* **Exercise objective**
Lift out all lines below that contain "exact".

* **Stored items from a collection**
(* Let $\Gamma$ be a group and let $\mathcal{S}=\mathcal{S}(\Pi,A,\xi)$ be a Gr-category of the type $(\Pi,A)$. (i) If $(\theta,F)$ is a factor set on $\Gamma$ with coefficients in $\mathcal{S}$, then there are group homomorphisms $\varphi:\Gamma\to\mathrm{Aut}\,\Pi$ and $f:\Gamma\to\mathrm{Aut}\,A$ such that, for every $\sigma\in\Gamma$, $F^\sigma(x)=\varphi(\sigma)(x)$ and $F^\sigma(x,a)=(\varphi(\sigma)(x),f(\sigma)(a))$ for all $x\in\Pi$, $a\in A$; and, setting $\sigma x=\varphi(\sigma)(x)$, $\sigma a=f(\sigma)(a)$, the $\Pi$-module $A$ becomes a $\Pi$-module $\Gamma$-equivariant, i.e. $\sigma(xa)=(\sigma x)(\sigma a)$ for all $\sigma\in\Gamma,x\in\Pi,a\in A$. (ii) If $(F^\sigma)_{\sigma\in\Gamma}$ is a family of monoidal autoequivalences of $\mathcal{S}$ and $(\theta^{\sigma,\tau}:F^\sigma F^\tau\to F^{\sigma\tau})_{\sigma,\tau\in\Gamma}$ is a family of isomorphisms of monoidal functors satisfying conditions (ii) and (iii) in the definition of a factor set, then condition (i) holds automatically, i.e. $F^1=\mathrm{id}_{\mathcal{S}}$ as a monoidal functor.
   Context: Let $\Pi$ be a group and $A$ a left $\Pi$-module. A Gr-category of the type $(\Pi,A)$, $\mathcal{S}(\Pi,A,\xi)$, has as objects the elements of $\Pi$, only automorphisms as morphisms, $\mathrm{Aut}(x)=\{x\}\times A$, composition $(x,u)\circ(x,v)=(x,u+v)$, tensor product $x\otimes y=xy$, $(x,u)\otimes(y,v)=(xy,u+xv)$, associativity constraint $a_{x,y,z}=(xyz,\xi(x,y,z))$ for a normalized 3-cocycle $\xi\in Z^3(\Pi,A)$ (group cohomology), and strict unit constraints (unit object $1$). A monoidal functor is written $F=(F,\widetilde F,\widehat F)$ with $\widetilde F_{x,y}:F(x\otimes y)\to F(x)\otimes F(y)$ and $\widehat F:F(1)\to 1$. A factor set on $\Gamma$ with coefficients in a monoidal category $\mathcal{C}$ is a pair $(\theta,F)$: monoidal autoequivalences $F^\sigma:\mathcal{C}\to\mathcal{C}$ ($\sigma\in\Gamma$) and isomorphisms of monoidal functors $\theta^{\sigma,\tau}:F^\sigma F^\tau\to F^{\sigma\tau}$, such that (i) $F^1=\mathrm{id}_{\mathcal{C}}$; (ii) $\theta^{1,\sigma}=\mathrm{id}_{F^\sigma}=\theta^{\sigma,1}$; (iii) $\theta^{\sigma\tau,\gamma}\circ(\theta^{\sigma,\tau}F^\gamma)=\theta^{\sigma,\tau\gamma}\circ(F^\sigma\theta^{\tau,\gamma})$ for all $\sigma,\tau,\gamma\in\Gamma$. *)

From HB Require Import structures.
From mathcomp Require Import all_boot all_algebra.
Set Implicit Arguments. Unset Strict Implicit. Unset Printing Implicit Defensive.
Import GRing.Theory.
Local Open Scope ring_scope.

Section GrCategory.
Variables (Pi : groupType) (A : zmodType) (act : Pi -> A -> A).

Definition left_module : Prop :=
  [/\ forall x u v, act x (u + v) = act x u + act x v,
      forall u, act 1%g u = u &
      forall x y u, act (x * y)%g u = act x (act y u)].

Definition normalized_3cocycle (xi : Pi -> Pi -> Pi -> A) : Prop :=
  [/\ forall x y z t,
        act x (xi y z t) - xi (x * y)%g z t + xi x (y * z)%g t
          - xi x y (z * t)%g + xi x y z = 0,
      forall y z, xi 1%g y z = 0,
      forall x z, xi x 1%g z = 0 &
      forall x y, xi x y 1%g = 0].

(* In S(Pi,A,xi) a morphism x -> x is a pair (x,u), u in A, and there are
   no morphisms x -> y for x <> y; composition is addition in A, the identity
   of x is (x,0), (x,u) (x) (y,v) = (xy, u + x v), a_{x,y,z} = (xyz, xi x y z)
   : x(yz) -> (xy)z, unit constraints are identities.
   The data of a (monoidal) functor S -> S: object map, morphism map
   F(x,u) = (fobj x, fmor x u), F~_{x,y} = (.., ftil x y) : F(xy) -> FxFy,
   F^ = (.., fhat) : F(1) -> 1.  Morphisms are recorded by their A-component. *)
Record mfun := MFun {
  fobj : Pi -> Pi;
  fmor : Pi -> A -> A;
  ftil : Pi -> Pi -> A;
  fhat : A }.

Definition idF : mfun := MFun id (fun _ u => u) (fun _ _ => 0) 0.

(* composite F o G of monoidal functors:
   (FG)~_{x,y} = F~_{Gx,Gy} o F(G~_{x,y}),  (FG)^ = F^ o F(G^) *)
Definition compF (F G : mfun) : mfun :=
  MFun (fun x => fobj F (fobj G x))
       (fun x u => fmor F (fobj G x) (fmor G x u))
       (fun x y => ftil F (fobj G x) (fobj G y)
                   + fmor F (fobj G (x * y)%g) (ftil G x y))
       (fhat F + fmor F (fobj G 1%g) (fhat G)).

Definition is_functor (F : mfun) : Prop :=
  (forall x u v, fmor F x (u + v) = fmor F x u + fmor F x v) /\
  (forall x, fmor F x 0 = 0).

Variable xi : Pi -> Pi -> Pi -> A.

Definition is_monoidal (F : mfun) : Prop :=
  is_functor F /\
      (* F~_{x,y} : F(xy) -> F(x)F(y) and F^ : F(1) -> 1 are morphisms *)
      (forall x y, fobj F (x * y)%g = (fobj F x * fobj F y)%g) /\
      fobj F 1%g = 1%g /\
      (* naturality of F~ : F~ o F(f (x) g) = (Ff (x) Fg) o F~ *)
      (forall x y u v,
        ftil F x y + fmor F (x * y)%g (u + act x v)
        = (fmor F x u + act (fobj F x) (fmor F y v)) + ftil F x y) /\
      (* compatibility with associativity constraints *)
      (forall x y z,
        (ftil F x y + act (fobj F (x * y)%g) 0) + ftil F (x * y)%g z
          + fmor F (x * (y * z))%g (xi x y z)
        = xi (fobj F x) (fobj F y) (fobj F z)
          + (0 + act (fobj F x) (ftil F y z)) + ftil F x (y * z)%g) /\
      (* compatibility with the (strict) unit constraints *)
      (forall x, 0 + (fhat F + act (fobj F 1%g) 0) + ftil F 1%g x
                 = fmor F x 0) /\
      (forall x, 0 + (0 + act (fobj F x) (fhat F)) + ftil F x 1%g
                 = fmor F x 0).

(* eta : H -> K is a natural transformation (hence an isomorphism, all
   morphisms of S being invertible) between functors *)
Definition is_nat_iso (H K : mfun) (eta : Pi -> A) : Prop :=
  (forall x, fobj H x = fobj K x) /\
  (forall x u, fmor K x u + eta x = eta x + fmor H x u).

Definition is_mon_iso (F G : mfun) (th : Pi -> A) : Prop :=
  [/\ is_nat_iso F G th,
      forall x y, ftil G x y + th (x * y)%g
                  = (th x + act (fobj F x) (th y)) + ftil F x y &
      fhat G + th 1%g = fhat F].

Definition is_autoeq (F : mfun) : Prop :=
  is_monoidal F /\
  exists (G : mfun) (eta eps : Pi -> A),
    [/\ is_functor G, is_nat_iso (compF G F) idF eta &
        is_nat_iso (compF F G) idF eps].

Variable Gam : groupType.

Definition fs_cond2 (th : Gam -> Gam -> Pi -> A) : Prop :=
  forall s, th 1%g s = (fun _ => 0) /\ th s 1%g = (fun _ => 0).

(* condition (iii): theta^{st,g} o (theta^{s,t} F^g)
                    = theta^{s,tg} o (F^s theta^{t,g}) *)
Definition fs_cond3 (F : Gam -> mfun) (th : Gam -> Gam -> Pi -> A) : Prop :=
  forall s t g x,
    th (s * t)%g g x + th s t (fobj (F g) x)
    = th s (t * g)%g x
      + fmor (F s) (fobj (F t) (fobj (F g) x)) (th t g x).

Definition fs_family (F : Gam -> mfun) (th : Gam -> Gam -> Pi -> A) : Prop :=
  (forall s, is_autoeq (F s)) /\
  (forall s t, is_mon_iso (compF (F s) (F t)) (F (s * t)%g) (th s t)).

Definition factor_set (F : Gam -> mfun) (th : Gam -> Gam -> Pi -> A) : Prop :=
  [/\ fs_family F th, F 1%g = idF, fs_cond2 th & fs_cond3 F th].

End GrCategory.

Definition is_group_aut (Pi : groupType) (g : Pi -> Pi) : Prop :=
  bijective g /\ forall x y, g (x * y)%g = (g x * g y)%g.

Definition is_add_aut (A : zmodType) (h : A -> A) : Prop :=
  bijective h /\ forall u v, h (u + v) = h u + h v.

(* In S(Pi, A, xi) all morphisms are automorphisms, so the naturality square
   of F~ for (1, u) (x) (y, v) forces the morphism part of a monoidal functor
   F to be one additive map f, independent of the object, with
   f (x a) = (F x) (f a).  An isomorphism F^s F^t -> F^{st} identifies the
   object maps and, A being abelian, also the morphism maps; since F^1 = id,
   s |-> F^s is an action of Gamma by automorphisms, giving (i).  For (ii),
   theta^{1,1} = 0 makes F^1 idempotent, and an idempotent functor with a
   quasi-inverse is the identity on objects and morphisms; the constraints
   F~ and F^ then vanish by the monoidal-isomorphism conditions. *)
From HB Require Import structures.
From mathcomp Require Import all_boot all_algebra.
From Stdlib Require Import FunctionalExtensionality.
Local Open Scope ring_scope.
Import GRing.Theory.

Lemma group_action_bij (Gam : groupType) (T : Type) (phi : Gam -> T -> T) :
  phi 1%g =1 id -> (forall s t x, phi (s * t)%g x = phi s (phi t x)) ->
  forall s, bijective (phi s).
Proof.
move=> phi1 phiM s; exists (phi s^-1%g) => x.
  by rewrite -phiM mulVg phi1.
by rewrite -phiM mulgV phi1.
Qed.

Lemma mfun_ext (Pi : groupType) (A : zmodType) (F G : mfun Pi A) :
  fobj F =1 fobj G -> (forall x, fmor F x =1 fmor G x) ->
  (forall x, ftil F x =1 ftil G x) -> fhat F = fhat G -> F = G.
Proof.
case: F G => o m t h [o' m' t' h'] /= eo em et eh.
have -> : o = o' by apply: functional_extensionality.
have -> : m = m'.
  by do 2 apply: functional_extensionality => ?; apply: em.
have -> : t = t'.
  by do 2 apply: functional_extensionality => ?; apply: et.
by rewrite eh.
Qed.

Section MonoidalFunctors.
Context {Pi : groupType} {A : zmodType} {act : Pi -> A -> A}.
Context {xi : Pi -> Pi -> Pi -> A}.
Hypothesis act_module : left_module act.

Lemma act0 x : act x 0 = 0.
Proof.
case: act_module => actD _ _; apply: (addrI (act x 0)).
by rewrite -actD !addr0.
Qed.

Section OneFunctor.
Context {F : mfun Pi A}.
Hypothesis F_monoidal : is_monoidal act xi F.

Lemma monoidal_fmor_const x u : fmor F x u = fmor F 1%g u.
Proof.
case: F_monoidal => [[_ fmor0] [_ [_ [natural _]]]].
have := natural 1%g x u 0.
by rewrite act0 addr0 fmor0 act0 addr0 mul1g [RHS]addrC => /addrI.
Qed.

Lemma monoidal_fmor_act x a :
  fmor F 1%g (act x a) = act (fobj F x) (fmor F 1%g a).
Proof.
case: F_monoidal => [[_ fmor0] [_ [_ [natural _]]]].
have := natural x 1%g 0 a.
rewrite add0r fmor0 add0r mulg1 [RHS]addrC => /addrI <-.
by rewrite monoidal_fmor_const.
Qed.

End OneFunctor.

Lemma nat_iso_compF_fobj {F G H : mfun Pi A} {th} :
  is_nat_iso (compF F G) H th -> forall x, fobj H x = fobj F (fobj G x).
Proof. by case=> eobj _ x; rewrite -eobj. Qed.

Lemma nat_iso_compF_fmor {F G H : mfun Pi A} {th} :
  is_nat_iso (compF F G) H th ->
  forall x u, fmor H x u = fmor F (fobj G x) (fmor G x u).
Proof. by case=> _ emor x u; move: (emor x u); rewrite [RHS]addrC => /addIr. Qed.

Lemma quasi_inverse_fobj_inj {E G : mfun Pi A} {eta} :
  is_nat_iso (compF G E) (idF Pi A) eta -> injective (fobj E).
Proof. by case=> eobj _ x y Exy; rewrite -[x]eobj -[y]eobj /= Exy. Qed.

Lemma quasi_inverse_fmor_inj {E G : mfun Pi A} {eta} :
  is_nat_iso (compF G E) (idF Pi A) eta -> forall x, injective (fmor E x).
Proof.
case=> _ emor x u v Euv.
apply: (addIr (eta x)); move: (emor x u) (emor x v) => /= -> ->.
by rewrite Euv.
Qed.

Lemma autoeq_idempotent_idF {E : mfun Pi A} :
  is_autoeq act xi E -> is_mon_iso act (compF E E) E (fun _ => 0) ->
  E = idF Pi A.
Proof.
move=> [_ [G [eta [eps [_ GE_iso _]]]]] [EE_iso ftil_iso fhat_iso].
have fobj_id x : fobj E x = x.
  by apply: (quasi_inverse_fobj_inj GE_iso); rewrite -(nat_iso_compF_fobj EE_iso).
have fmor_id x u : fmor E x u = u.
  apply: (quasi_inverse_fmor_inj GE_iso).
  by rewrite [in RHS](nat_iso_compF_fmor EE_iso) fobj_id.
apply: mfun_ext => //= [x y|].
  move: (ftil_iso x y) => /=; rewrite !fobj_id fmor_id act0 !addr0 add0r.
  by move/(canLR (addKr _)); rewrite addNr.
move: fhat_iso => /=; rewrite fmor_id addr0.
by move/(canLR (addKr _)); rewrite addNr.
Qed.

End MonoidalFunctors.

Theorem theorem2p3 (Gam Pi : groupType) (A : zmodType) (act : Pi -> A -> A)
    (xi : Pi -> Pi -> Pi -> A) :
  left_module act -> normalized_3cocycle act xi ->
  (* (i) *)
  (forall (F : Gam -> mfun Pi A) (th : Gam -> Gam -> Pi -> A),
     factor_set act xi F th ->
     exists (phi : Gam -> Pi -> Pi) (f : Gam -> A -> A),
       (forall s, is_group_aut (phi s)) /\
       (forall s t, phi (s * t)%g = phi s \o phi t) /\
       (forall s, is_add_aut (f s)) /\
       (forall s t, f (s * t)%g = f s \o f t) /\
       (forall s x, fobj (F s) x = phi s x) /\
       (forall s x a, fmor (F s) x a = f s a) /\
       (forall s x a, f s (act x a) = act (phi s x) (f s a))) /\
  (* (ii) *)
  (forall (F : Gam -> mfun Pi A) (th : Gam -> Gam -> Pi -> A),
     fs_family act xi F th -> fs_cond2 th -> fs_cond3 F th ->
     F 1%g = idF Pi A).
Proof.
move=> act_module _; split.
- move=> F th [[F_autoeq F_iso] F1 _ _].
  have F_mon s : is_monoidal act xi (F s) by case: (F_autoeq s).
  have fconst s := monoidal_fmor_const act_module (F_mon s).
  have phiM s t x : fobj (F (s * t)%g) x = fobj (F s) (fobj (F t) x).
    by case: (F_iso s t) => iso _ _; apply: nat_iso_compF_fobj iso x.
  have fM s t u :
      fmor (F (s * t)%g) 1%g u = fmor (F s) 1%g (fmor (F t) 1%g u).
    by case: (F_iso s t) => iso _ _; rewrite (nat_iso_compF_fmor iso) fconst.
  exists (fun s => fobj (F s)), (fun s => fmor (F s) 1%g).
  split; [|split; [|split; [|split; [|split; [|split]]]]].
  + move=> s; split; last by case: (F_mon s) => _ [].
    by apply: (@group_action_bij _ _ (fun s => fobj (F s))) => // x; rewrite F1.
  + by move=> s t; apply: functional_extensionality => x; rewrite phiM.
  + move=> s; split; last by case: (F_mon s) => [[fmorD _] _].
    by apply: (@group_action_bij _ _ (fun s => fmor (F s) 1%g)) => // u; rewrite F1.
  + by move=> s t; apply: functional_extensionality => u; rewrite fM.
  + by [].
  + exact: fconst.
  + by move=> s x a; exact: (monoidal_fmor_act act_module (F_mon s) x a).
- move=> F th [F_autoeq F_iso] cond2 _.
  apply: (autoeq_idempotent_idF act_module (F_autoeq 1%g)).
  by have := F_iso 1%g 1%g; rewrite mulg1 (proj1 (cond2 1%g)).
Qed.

* **Solution to this task**
  + exact: fconst.
  + by move=> s x a; exact: (monoidal_fmor_act act_module (F_mon s) x a).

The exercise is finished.